I am contacting the CMS when I get my £50 on Wednesday, don't want to cause a row before I get that.

OP posts:
Daisymay2 · 27/10/2018 20:04

Will CMS take any action before Wednesday? Presumably thye won't pick it up until Monday.

FishesThatFly · 27/10/2018 21:33

CMS don't do anything quickly so l really wouldn't worry OP

DBN1 · 27/10/2018 21:45

You don't have/need to tell him you will be going through CMS and no, he won't hear from them for a while anyway.

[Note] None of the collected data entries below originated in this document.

Lemma rep_cls x : S (vsub (rep (cls S x)) x).
Proof. by apply/cls_eq; exact: repK. Qed.

Lemma cls_add x y : @vadd Q (cls S x) (cls S y) = cls S (vadd x y).
Proof. by apply/cls_eq; rewrite subvDD //; apply: subspaceD; exact: rep_cls. Qed.
Lemma cls_opp x : @vopp Q (cls S x) = cls S (vopp x).
Proof. by apply/cls_eq; rewrite subvNN //; apply: subspaceN; exact: rep_cls. Qed.
Lemma cls_scal a x : @vscal Q a (cls S x) = cls S (vscal a x).
Proof. by apply/cls_eq; rewrite subvZZ //; apply: subspaceZ; exact: rep_cls. Qed.
Lemma cls_star x : @vstar Q (cls S x) = cls S (vstar x).
Proof. by apply/cls_eq; rewrite subvSS //; apply: S_star; exact: rep_cls. Qed.

Lemma quot_star_vspace : is_star_vspace Q.
Proof.
split; [|split; [|split; [|split; [|split; [|split; [|split; [|split; [|split; [|split]]]]]]]]].
- by elim/quot_ind => x; elim/quot_ind => y; elim/quot_ind => z; rewrite !cls_add addvA.
- by elim/quot_ind => x; elim/quot_ind => y; rewrite !cls_add addvC.
- by elim/quot_ind => x; rewrite [vzero]/= cls_add add0v.
- by elim/quot_ind => x; rewrite cls_opp cls_add addNv.
- by elim/quot_ind => x; rewrite cls_scal scale1v.
- by move=> a b; elim/quot_ind => x; rewrite !cls_scal scalevA.
- by move=> a; elim/quot_ind => x; elim/quot_ind => y; rewrite !(cls_scal, cls_add) scalevDr.
- by move=> a b; elim/quot_ind => x; rewrite !(cls_scal, cls_add) scalevDl.
- by elim/quot_ind => x; elim/quot_ind => y; rewrite !(cls_star, cls_add) starvD.
- by move=> a; elim/quot_ind => x; rewrite !(cls_scal, cls_star) starvZ.
- by elim/quot_ind => x; rewrite !cls_star starvK.
Qed.

Lemma quotmap_kernel x : S x <-> quotmap V S x = vzero.
Proof. by rewrite /quotmap [vzero]/= cls_eq subv0. Qed.

Lemma quotmap_linear : is_linear_star (quotmap V S).
Proof. by split; [|split] => *; rewrite /quotmap ?cls_add ?cls_scal ?cls_star. Qed.

Definition lifts n (A : Mat Q n n) (B : Mat V n n) := selfadj B /\ mapn (quotmap V S) B = A.

(* The lift [(a_ij + a_ji^* ) / 2] of arbitrary representatives [a_ij] is self-adjoint. *)
Lemma selfadj_lift_exists n (A : Mat Q n n) : selfadj A -> exists B, lifts A B.
Proof.
move=> hA.
exists (fun i j => vscal (RtoC (/2)) (vadd (rep (A i j)) (vstar (rep (A j i))))); split.
  by move=> i j; rewrite starvZ // starvD // starvK // addvC //; congr vscal; cx.
apply: mat_ext => i j; rewrite /mapn /quotmap -cls_scal -cls_add repK -cls_star repK -hA.
exact: scalev_half_addvv quot_star_vspace _.
Qed.

Lemma lifts_madd n (A B : Mat Q n n) C D :
  lifts A C -> lifts B D -> lifts (madd A B) (madd C D).
Proof.
move=> [hC eC] [hD eD]; split; first exact: selfadj_madd.
by rewrite mapn_madd ?eC ?eD //; exact: quotmap_linear.
Qed.

Lemma lifts_mrscal n t (A : Mat Q n n) B : lifts A B -> lifts (mrscal t A) (mrscal t B).
Proof.
move=> [hB eB]; split; first exact: selfadj_mrscal.
by rewrite mapn_mrscal ?eB //; exact: quotmap_linear.
Qed.

Lemma lifts_compress n k (X : 'I_n -> 'I_k -> Cx) (A : Mat Q n n) B :
  lifts A B -> lifts (compress X A) (compress X B).
Proof.
move=> [hB eB]; split; first exact: compress_selfadj.
by rewrite mapn_compress ?eB //; [exact: quot_star_vspace | exact: quotmap_linear].
Qed.

Lemma lifts_dsum n k (A : Mat Q n n) (B : Mat Q k k) C D :
  lifts A C -> lifts B D -> lifts (dsum A B) (dsum C D).
Proof.
move=> [hC eC] [hD eD]; split; first exact: selfadj_dsum.
by rewrite mapn_dsum ?eC ?eD //; [exact: quot_star_vspace | exact: quotmap_linear].
Qed.

End Quotient.

Lemma glb_exists (E : R -> Prop) : (exists r, E r) -> (forall r, E r -> 0 <= r) ->
  exists m, is_glb E m.
Proof.
move=> [r0 hr0] hE.
have hbd : bound (fun t => E (- t)) by exists 0 => t /hE; lra.
have hne : exists t, E (- t) by exists (- r0); rewrite Ropp_involutive.
have [m [hup hleast]] := completeness _ hbd hne.
exists (- m); split.
  by move=> t ht; have := hup (- t); rewrite Ropp_involutive => /(_ ht); lra.
move=> s hs; suff : m <= - s by lra.
by apply: hleast => t /hs; lra.
Qed.

Lemma gauge_definite_of_definite1 (W : StarOps) (g : forall n, Mat W n n -> R) :
  is_star_vspace W ->
  (forall n (A : Mat W n n), selfadj A -> 0 <= g n A) ->
  (forall n k (X : 'I_n -> 'I_k -> Cx) (A : Mat W n n), selfadj A ->
     g k (compress X A) <= opnorm X ^ 2 * g n A) ->
  (forall A : Mat W 1 1, selfadj A -> g 1%nat A = 0 -> g 1%nat (mopp A) = 0 ->
     A = fun _ _ => vzero) ->
  forall n (A : Mat W n n), selfadj A -> g n A = 0 -> g n (mopp A) = 0 ->
    A = fun _ _ => vzero.
Proof.
move=> HW g_ge0 g_compress g_def1 n A hA hg hgN; apply: compress_col_eq0 => // x.
have hAN : selfadj (mopp A) by exact: selfadj_mopp.
have hY := compress_selfadj HW (col x) hA.
suff -> : compress (col x) A = fun _ _ => vzero by [].
apply: g_def1 => //; apply: Rle_antisym.
- by have := g_compress _ _ (col x) _ hA; rewrite hg Rmult_0_r.
- exact: g_ge0.
- rewrite -compress_mopp //.
  by have := g_compress _ _ (col x) _ hAN; rewrite hgN Rmult_0_r.
- by apply: g_ge0; exact: selfadj_mopp.
Qed.

Section QuotientGauge.
Variable V : StarOps.
Variable nu : forall n, Mat V n n -> R.
Arguments nu : clear implicits.
Variable S : V -> Prop.
Hypothesis HL : is_LinfMOS V nu.
Hypothesis HS : is_subspace V S.
Hypothesis S_star : forall x, S x -> S (vstar x).

Notation Q := (QuotOps V S).
Notation q := (qgauge V nu S).

Let HV : is_star_vspace V. Proof. by case: HL. Qed.
Let HQ : is_star_vspace Q. Proof. exact: quot_star_vspace. Qed.

Lemma nu_ge0 n (A : Mat V n n) : selfadj A -> 0 <= nu n A.
Proof. by case: HL => _ [h _]; case: (h n) => h0 _; exact: h0. Qed.
Lemma nu_add n (A B : Mat V n n) : selfadj A -> selfadj B ->
  nu n (madd A B) <= nu n A + nu n B.
Proof. by case: HL => _ [h _]; case: (h n) => _ [h1 _]; exact: h1. Qed.
Lemma nu_scal n t (A : Mat V n n) : selfadj A -> 0 < t -> nu n (mrscal t A) = t * nu n A.
Proof. by case: HL => _ [h _]; case: (h n) => _ [_ [h1 _]]; exact: h1. Qed.
Lemma nu_compress n k (X : 'I_n -> 'I_k -> Cx) (A : Mat V n n) : selfadj A ->
  nu k (compress X A) <= opnorm X ^ 2 * nu n A.
Proof. by case: HL => _ [_ [h _]]; exact: h. Qed.
Lemma nu_dsum n k (A : Mat V n n) (B : Mat V k k) : selfadj A -> selfadj B ->
  nu (n + k)%nat (dsum A B) = Rmax (nu n A) (nu k B).
Proof. by case: HL => _ [_ [_ h]]; exact: h. Qed.

Lemma qgauge_glb n (A : Mat Q n n) : selfadj A ->
  is_glb (fun r => exists B, selfadj B /\ mapn (quotmap V S) B = A /\ r = nu n B) (q n A).
Proof.
move=> hA; apply: epsilon_spec; apply: glb_exists.
  by have [B [hB eB]] := selfadj_lift_exists HV HS S_star hA; exists (nu n B), B.
by move=> r [B [hB [_ ->]]]; exact: nu_ge0.
Qed.

Lemma qgauge_le n (A : Mat Q n n) B : lifts A B -> q n A <= nu n B.
Proof.
move=> [hB eB]; have hA : selfadj A.
  by move=> i j; rewrite -eB /mapn /quotmap hB cls_star.
by apply: (proj1 (qgauge_glb hA)); exists B.
Qed.

Lemma qgauge_approx n (A : Mat Q n n) e : selfadj A -> 0 < e ->
  exists B, lifts A B /\ nu n B < q n A + e.
Proof.
move=> hA he; apply: NNPP => hnone.
suff : q n A + e <= q n A by lra.
apply: (proj2 (qgauge_glb hA)) => r [B [hB [eB ->]]].
by apply: Rnot_lt_le => hlt; apply: hnone; exists B.
Qed.

Lemma qgauge_ge_mul n (A : Mat Q n n) c r : selfadj A -> 0 <= c ->
  (forall B, lifts A B -> r <= c * nu n B) -> r <= c * q n A.
Proof.
move=> hA hc hr; apply: Rle_of_le_add_eps => e he.
have hd : 0 < e / (c + 1) by apply: Rdiv_lt_0_compat; lra.
have hde : e / (c + 1) * (c + 1) = e by field; lra.
have [B [hB hBe]] := qgauge_approx hA hd.
have := hr B hB; nra.
Qed.

Lemma qgauge_ge0 n (A : Mat Q n n) : selfadj A -> 0 <= q n A.
Proof.
move=> hA; rewrite -(Rmult_1_l (q n A)); apply: qgauge_ge_mul => //; first lra.
by move=> B [hB _]; rewrite Rmult_1_l; exact: nu_ge0.
Qed.

Lemma qgauge_add n (A B : Mat Q n n) : selfadj A -> selfadj B ->
  q n (madd A B) <= q n A + q n B.
Proof.
move=> hA hB; apply: Rle_of_le_add_eps => e he.
have he2 : 0 < e / 2 by lra.
have [C [hC hCe]] := qgauge_approx hA he2.
have [D [hD hDe]] := qgauge_approx hB he2.
have := qgauge_le (lifts_madd HV HS S_star hC hD); have := nu_add (proj1 hC) (proj1 hD); lra.
Qed.

Lemma qgauge_scale_le n t (A : Mat Q n n) : selfadj A -> 0 < t ->
  q n (mrscal t A) <= t * q n A.
Proof.
move=> hA ht; apply: qgauge_ge_mul => //; first lra.
move=> B hB; rewrite -nu_scal //; last by case: hB.
exact: qgauge_le (lifts_mrscal HV HS S_star t hB).
Qed.

Lemma qgauge_scale n t (A : Mat Q n n) : selfadj A -> 0 < t ->
  q n (mrscal t A) = t * q n A.
Proof.
move=> hA ht; apply: Rle_antisym; first exact: qgauge_scale_le.
have hinv : 0 < / t by exact: Rinv_0_lt_compat.
have := qgauge_scale_le (selfadj_mrscal HQ t hA) hinv; rewrite mrscalK //.
move=> /(Rmult_le_compat_l t _ _ (Rlt_le _ _ ht)).
by rewrite -Rmult_assoc Rinv_r ?Rmult_1_l; lra.
Qed.

Lemma qgauge_compress n k (X : 'I_n -> 'I_k -> Cx) (A : Mat Q n n) : selfadj A ->
  q k (compress X A) <= opnorm X ^ 2 * q n A.
Proof.
move=> hA; apply: qgauge_ge_mul => //; first exact: pow2_ge_0.
move=> B hB; apply: Rle_trans (qgauge_le (lifts_compress HV HS S_star X hB)) _.
by apply: nu_compress; case: hB.
Qed.

Lemma qgauge_compress_contraction_le N m (X : 'I_N -> 'I_m -> Cx) (A : Mat Q N N) C :
  (forall v, cvnorm2 (cmatvec X v) <= cvnorm2 v) -> lifts A C ->
  q m (compress X A) <= nu N C.
Proof.
move=> hX hC; apply: Rle_trans (qgauge_le (lifts_compress HV HS S_star X hC)) _.
apply: Rle_trans (nu_compress _ (proj1 hC)) _.
have := opnorm_sq_le1 hX; have := nu_ge0 (proj1 hC); nra.
Qed.

Lemma qgauge_dsum n k (A : Mat Q n n) (B : Mat Q k k) : selfadj A -> selfadj B ->
  q (n + k)%nat (dsum A B) = Rmax (q n A) (q k B).
Proof.
move=> hA hB; apply: Rle_antisym.
  apply: Rle_of_le_add_eps => e he.
  have [C [hC hCe]] := qgauge_approx hA he.
  have [D [hD hDe]] := qgauge_approx hB he.
  apply: Rle_trans (qgauge_le (lifts_dsum HV HS S_star hC hD)) _.
  rewrite nu_dsum; [|by case: hC|by case: hD].
  have := Rmax_l (q n A) (q k B); have := Rmax_r (q n A) (q k B).
  by move=> *; apply: Rmax_lub; lra.
have hAB := selfadj_dsum HQ hA hB.
rewrite -[q _ (dsum A B)]Rmult_1_l; apply: qgauge_ge_mul => //; first lra.
move=> C hC; rewrite Rmult_1_l; apply: Rmax_lub.
  have := qgauge_compress_contraction_le (@cmatvec_emb_lshift n k) hC.
  suff -> : compress (emb (@lshift n k)) (dsum A B) = A by [].
  by apply: mat_ext => p r; rewrite compress_emb // dsum_lshift.
have := qgauge_compress_contraction_le (@cmatvec_emb_rshift n k) hC.
suff -> : compress (emb (@rshift n k)) (dsum A B) = B by [].
by apply: mat_ext => p r; rewrite compress_emb // dsum_rshift.
Qed.

Lemma qgauge_eq0_lifts n (A : Mat Q n n) : selfadj A -> q n A = 0 ->
  exists f : nat -> Mat V n n, (forall j, lifts A (f j)) /\ Un_cv (fun j => nu n (f j)) 0.
Proof.
move=> hA hq.
have [f hf] : exists f : nat -> Mat V n n,
    forall j, lifts A (f j) /\ nu n (f j) < / INR j.+1.
  apply: (choice (fun j B => lifts A B /\ nu n B < / INR j.+1)) => j.
  by have := qgauge_approx hA (inv_succ_gt0 j); rewrite hq Rplus_0_l.
exists f; split; first by move=> j; case: (hf j).
apply: Un_cv0_of_lt_inv => j; have [[hB _] hlt] := hf j.
by split=> //; exact: nu_ge0.
Qed.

Just out of interest, do you know if the other mum has had to cough up for the petrol this time too?

Shriekingbanshee · 27/10/2018 21:48

CMS pretty instant with a call to establish bio father before able to proceed further and so yes, good move to wait til Wednesday when DC safely home and you have your £50

WhoGivesADamnForAFlakeyBandit · 27/10/2018 22:22

Have you given him the money already?

Blondebakingmumma · 28/10/2018 01:58

How dare he think it’s ok to take that money away from his son! He chose to move away. That choice shouldn’t cost you your hard earned cash.

ScottCheggJnr · 28/10/2018 01:53

I think it depends on whether he is generally a blagger or whether he's genuinely struggling (which sounds possible from what you've mentioned). I was always lending my ex money but she didn't earn much and always paid it back.

MrsNacho · 28/10/2018 09:14

Well DS was delivered home safely about 3 this morning along with his other child who spent the night here due to the hour. She spends a lot of overnights here anyway so that is nothing unusual.

Had a chat with ex and he has promised maintenance and I have mentioned CMS as a "final warning" so to speak.

I don't think he takes advantage maliciously he us just genuinely rubbish with money but it is time to grow up and take responsibility.

Will update on Wednesday to see what if anything is forth coming....

OP posts:
LittleBookofCalm · 28/10/2018 09:39

thanks for updating. glad he is home safely

JingsMahBucket · 28/10/2018 11:11

@MrsNacho did you ever contact the other mother to let her know what was going on? He's still treating you like a mug because he left her child at your house instead of just taking her over there.

Butterymuffin · 28/10/2018 11:42

So you frequently have his other child overnight too? Really toughen up with him OP. You are subsidising him and the mother of his other child. That comes at the expense of your own kids. Remember that when you would like to be able to afford more / other things for them.

MrsNacho · 28/10/2018 11:44

His other child is my child's sibling, I was her step mum for 8 years and she is best friends with my older child. Regardless of my situation with ex, his daughter is still part of our family and it's really not being a mug having her round. We love her.

OP posts:
Jux · 28/10/2018 11:46

Glad they're back safe. Good luck with getting the dosh back. Basically I'm thinking Hmm and hmmmmmmm.

BengalLioness · 28/10/2018 12:04

"Regardless of my situation with ex, his daughter is still part of our family and it's really not being a mug having her round. We love her."

It's really lovely to see good relationships like this in blended families. I agree though that you do need to stop mothering your Ex and he needs to learn to manage his finances. I get pp don't want you to be taken for a mug but OP obviously enjoys having these good relationships so I don't think we need to be so negative about her relationship with the other child.

TheMobileSiteMadeMeSignup · 28/10/2018 12:05

He drives them home at 3am?! That's ridiculous.

Why did you mention CMS to him at all? It's your child's money, contact them.

Jux · 28/10/2018 12:29

TheMobileSite, it's not that ridiculous surely? The roads are clearer with fewer delays and the children sleep. It's perfectly possible to transfer them from car to bed at home without waking them or just waking them a little, especially if they know that's what will be happening.